Exercise directions:
From the data below, return each line in which the string "Schwarz" is found.
*** Data for this exercise Section Begins ***
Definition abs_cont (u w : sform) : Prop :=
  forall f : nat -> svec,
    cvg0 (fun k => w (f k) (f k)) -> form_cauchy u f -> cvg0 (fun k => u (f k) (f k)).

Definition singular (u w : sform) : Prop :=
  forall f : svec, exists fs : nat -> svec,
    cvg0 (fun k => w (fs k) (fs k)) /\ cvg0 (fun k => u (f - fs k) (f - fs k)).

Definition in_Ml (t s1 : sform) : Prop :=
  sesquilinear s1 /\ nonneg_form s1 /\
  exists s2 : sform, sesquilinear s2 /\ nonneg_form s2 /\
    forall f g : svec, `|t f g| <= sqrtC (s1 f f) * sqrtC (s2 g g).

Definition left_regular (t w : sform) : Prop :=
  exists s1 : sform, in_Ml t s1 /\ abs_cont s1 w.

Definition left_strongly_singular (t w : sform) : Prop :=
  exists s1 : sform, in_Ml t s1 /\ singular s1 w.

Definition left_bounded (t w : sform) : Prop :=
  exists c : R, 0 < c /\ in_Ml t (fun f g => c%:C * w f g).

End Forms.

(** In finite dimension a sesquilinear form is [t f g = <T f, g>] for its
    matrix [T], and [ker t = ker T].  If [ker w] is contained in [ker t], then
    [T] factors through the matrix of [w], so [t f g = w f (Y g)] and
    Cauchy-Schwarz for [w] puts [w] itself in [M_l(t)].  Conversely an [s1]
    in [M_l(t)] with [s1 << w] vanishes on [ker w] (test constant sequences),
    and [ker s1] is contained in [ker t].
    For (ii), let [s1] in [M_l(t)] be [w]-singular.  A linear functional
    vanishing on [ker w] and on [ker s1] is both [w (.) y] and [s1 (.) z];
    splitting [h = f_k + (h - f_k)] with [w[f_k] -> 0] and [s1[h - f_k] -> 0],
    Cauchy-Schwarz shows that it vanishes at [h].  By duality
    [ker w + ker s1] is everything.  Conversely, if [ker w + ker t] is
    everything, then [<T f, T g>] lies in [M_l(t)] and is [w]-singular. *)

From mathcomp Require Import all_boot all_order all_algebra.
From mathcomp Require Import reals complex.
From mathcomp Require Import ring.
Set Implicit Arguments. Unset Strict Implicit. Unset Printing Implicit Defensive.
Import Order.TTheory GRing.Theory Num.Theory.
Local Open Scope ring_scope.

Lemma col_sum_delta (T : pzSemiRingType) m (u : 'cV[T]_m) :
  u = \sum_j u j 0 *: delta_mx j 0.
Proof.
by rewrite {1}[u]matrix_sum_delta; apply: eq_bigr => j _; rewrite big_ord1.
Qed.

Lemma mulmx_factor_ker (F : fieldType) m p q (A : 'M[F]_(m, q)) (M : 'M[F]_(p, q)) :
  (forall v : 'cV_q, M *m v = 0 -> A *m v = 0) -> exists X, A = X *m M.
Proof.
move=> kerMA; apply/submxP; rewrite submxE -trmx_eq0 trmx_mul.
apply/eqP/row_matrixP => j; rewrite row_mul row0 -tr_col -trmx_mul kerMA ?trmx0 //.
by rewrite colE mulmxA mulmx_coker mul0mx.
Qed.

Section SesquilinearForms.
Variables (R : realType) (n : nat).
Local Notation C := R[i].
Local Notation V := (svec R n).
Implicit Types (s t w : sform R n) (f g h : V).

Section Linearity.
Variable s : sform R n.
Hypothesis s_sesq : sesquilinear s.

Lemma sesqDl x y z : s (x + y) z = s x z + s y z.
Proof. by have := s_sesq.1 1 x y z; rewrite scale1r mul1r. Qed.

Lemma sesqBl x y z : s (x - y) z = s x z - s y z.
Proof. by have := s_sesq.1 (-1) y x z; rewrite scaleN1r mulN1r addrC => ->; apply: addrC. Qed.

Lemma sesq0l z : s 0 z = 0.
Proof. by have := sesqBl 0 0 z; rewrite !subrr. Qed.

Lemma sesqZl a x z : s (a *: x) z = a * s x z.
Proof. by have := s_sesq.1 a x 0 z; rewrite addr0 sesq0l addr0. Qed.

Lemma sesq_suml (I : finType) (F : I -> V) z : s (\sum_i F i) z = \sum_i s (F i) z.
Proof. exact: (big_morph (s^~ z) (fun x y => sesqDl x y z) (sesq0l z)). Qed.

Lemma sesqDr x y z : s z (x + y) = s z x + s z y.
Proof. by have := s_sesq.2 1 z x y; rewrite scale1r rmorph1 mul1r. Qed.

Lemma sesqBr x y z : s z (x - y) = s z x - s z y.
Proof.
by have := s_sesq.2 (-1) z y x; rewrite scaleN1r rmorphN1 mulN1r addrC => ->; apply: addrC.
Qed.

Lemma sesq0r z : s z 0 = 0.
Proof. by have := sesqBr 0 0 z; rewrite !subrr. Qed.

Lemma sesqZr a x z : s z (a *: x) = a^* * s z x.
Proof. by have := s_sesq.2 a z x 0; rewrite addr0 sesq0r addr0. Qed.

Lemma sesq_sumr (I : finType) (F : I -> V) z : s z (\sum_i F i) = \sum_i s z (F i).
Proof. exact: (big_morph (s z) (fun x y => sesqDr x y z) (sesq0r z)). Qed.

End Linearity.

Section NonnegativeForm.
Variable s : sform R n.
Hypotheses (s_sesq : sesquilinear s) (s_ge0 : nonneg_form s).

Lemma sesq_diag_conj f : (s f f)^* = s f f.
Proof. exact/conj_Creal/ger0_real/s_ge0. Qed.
*** Data for this exercise Section Ends ***
*** Data for this exercise Section Begins ***
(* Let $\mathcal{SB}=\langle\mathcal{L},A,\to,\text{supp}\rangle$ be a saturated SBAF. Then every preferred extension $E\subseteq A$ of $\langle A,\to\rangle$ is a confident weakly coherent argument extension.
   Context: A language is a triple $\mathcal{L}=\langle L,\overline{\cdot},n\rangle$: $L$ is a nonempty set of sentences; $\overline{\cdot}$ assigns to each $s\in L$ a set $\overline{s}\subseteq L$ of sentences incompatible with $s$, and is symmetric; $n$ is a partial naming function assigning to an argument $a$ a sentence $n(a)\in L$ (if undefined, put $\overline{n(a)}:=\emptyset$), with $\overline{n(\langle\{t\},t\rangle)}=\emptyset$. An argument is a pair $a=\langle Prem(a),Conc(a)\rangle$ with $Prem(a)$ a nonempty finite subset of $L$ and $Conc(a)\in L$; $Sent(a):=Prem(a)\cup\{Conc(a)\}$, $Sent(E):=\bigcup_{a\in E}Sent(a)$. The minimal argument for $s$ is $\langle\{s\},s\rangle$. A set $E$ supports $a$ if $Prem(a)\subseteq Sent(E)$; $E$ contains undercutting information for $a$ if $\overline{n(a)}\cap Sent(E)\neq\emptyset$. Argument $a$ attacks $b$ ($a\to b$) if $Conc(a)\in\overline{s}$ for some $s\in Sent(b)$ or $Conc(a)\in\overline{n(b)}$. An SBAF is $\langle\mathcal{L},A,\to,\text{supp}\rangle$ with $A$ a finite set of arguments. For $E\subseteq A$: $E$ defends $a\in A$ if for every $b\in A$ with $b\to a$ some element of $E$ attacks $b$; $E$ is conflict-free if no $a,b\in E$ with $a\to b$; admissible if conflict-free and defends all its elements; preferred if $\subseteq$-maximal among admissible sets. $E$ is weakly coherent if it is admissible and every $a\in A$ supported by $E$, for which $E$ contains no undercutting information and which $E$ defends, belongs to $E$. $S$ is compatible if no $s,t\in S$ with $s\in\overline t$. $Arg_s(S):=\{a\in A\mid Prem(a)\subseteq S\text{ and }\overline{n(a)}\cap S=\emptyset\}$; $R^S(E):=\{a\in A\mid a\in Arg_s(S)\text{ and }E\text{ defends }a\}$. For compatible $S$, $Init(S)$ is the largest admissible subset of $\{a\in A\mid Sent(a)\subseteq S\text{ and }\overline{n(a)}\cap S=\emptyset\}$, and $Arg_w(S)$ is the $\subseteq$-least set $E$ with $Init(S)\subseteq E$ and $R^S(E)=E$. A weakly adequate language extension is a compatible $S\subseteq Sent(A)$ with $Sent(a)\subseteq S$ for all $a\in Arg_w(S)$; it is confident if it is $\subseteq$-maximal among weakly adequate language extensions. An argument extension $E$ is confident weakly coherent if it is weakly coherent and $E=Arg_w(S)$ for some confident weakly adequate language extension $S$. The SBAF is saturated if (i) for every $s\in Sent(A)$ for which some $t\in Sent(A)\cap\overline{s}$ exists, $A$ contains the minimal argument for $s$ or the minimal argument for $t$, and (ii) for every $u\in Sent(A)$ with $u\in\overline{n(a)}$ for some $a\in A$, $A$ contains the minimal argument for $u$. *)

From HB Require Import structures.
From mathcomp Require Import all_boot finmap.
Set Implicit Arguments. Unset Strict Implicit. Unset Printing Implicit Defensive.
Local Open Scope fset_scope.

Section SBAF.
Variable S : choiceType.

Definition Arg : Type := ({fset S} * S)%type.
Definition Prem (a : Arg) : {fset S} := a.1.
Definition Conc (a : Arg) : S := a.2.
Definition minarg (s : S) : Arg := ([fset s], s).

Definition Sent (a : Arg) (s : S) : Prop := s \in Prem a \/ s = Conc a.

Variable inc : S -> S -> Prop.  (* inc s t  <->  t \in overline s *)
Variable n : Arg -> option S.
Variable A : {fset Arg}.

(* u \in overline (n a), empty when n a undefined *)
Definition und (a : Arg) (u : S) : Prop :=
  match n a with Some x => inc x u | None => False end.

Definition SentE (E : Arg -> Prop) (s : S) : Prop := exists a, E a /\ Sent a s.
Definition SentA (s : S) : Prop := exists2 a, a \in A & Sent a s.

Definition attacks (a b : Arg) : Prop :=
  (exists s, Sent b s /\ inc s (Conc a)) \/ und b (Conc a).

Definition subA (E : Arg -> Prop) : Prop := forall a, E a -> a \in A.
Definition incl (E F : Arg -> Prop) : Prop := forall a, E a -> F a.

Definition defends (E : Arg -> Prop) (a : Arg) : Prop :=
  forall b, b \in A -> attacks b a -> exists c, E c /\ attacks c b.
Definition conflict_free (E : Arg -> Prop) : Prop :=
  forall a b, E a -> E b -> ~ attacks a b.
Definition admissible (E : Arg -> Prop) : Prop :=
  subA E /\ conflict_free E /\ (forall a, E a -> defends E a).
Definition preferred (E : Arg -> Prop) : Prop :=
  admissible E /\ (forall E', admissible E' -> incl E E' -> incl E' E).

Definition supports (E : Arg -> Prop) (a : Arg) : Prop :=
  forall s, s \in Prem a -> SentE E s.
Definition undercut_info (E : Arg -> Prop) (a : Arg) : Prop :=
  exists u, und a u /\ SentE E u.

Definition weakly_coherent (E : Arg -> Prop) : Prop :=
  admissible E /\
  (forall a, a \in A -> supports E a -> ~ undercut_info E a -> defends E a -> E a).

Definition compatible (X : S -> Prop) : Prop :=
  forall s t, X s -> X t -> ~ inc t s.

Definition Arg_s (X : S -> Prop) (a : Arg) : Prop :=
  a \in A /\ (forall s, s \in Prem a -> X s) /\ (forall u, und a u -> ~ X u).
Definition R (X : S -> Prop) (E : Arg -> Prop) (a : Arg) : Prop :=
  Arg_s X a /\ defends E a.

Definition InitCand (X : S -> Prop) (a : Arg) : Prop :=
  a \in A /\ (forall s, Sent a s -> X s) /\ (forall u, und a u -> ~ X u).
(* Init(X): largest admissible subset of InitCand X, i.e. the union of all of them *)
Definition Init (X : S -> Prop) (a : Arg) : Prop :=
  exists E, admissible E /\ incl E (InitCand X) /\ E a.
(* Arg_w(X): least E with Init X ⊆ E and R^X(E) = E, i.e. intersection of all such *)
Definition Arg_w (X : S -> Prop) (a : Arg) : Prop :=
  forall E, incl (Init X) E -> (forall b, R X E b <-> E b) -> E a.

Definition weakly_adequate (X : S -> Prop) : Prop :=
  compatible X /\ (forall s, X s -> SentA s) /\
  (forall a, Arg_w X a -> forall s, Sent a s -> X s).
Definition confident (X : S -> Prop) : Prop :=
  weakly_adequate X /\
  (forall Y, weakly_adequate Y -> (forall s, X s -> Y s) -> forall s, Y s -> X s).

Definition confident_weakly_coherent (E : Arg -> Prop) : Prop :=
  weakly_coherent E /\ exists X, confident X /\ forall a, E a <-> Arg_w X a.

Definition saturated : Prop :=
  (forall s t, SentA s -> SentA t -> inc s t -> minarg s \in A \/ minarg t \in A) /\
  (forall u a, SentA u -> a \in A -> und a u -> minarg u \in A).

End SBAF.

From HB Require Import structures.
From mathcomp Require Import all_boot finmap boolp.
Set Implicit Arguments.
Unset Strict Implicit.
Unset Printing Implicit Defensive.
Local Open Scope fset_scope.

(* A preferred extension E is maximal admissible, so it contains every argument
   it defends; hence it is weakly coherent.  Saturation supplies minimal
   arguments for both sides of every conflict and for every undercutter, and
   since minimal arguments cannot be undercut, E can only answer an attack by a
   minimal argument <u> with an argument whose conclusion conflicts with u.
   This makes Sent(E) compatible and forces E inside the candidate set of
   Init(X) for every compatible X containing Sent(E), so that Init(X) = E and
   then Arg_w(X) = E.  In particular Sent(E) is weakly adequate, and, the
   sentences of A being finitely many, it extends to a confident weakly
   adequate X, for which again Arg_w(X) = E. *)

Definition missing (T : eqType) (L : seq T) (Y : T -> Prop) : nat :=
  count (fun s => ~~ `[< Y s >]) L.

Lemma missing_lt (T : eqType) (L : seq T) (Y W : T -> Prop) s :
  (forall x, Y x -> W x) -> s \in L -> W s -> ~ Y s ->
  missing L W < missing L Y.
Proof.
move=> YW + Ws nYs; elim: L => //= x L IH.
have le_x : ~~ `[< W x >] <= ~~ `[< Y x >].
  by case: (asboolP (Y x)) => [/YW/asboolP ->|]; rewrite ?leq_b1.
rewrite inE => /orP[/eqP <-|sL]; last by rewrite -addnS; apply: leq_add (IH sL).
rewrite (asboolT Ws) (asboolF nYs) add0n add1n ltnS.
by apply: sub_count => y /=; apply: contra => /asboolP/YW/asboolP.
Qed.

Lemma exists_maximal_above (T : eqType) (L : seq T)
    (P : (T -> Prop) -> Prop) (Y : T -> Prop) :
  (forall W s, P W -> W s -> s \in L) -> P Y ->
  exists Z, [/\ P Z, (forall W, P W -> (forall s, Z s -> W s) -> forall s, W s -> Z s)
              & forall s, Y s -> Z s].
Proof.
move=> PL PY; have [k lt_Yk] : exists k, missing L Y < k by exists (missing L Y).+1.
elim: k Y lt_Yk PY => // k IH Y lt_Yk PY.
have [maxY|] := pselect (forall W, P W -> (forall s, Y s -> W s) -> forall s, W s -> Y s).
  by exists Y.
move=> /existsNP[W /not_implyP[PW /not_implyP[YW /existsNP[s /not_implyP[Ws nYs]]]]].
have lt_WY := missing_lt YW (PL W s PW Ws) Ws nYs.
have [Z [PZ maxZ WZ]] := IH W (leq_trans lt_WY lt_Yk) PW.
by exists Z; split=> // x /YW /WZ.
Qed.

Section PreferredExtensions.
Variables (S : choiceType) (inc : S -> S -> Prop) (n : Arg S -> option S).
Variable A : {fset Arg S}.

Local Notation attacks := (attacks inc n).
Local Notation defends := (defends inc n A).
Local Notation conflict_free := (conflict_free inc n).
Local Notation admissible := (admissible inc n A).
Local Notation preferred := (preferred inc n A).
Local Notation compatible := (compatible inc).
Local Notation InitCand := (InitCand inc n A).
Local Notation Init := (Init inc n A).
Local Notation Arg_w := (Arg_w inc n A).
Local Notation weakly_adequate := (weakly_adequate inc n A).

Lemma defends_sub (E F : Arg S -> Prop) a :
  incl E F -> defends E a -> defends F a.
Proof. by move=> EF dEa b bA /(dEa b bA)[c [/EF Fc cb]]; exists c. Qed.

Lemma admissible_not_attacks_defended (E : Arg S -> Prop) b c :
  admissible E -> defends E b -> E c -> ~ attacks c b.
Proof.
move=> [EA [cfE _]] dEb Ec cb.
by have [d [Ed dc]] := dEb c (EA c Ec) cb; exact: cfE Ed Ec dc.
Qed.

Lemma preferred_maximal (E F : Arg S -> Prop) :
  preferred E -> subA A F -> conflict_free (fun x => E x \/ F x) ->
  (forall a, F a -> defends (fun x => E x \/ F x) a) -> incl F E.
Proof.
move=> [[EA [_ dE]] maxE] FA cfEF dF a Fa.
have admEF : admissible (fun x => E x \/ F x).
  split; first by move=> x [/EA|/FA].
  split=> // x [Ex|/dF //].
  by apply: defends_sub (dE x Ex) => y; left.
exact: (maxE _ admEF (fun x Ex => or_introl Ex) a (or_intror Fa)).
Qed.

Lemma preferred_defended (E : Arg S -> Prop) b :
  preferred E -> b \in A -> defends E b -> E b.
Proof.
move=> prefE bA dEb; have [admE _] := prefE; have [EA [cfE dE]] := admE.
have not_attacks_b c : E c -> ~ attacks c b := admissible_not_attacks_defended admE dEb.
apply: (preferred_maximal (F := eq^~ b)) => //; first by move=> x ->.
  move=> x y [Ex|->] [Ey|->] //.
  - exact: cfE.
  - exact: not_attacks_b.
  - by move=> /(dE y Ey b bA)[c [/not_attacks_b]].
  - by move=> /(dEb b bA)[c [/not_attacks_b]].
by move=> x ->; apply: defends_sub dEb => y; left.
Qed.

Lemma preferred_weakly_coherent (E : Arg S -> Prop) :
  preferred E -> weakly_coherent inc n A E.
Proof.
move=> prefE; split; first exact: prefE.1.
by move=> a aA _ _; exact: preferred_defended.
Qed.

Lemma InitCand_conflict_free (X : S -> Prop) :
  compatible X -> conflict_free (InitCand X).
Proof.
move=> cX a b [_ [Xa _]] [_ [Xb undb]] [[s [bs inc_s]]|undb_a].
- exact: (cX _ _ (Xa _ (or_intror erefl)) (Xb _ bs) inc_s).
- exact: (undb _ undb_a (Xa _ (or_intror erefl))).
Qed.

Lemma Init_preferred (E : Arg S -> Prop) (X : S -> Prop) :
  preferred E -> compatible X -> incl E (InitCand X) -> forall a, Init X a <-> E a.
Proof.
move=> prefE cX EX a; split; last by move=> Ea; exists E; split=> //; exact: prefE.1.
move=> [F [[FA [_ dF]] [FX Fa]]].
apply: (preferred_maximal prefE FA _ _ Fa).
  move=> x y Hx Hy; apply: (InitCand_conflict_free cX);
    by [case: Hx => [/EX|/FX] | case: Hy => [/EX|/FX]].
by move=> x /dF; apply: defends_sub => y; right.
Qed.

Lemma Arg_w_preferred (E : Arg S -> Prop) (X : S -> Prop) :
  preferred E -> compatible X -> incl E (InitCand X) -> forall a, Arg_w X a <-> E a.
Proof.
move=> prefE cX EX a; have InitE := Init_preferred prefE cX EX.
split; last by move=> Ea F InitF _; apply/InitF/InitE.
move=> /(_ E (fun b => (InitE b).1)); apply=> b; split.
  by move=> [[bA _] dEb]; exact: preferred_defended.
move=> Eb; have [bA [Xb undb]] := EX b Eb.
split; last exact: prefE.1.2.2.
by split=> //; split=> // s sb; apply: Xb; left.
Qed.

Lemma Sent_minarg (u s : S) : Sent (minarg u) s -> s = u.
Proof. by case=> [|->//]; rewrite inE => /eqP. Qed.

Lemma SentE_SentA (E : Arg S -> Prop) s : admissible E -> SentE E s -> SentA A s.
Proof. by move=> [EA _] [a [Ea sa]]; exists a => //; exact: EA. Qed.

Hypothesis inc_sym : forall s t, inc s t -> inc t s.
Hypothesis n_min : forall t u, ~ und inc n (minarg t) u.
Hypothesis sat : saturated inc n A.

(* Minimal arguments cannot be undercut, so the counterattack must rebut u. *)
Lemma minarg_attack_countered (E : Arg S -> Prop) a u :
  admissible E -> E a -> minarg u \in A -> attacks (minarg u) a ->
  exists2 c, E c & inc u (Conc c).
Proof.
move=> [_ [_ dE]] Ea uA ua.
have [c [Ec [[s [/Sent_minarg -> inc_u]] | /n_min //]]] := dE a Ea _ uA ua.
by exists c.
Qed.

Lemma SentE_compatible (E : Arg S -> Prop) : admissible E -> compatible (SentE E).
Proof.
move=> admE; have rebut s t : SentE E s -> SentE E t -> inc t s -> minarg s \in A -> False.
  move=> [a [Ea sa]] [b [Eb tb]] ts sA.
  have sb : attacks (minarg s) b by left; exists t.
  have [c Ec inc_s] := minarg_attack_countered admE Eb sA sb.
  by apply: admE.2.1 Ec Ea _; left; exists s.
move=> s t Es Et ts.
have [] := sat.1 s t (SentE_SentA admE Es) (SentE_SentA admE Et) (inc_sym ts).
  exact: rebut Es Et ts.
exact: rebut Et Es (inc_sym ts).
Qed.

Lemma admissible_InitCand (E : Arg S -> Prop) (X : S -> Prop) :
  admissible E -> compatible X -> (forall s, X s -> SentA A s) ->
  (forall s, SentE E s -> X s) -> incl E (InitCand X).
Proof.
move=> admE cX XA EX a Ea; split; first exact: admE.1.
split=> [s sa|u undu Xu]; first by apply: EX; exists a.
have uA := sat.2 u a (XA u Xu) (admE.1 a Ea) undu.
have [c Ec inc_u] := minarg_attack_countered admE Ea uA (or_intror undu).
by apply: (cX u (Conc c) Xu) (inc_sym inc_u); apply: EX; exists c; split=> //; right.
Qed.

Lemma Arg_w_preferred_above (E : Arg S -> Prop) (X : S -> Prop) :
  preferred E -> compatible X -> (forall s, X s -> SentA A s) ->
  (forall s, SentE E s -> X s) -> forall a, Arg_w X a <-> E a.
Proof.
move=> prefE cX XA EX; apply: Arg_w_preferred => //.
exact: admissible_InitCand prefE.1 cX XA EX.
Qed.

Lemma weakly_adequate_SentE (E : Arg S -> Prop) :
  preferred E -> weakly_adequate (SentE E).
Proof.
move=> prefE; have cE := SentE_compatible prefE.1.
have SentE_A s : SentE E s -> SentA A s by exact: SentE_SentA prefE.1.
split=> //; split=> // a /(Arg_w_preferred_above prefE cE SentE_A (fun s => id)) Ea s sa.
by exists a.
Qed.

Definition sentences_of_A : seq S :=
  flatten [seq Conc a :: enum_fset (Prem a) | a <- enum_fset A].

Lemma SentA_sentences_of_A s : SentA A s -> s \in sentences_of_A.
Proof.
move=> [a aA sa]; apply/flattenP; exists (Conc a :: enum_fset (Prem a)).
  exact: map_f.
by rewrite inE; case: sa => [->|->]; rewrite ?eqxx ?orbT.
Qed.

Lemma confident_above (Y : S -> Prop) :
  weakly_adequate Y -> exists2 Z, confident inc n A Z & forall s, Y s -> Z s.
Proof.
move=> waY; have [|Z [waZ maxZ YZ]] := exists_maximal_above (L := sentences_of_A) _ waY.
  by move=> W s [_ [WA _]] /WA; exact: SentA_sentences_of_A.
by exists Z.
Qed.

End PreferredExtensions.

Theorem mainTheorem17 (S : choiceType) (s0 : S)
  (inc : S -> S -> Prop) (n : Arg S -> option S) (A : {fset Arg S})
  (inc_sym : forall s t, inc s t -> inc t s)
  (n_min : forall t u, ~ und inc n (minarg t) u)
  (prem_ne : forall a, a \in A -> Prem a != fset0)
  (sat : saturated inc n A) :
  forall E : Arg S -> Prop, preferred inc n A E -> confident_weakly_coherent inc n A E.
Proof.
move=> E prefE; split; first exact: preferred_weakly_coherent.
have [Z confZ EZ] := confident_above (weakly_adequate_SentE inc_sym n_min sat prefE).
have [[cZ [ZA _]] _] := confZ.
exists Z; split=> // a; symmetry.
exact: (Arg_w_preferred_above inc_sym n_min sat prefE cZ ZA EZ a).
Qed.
*** Data for this exercise Section Ends ***
Response for this exercise:
    Cauchy-Schwarz for [w] puts [w] itself in [M_l(t)].  Conversely an [s1]
    Cauchy-Schwarz shows that it vanishes at [h].  By duality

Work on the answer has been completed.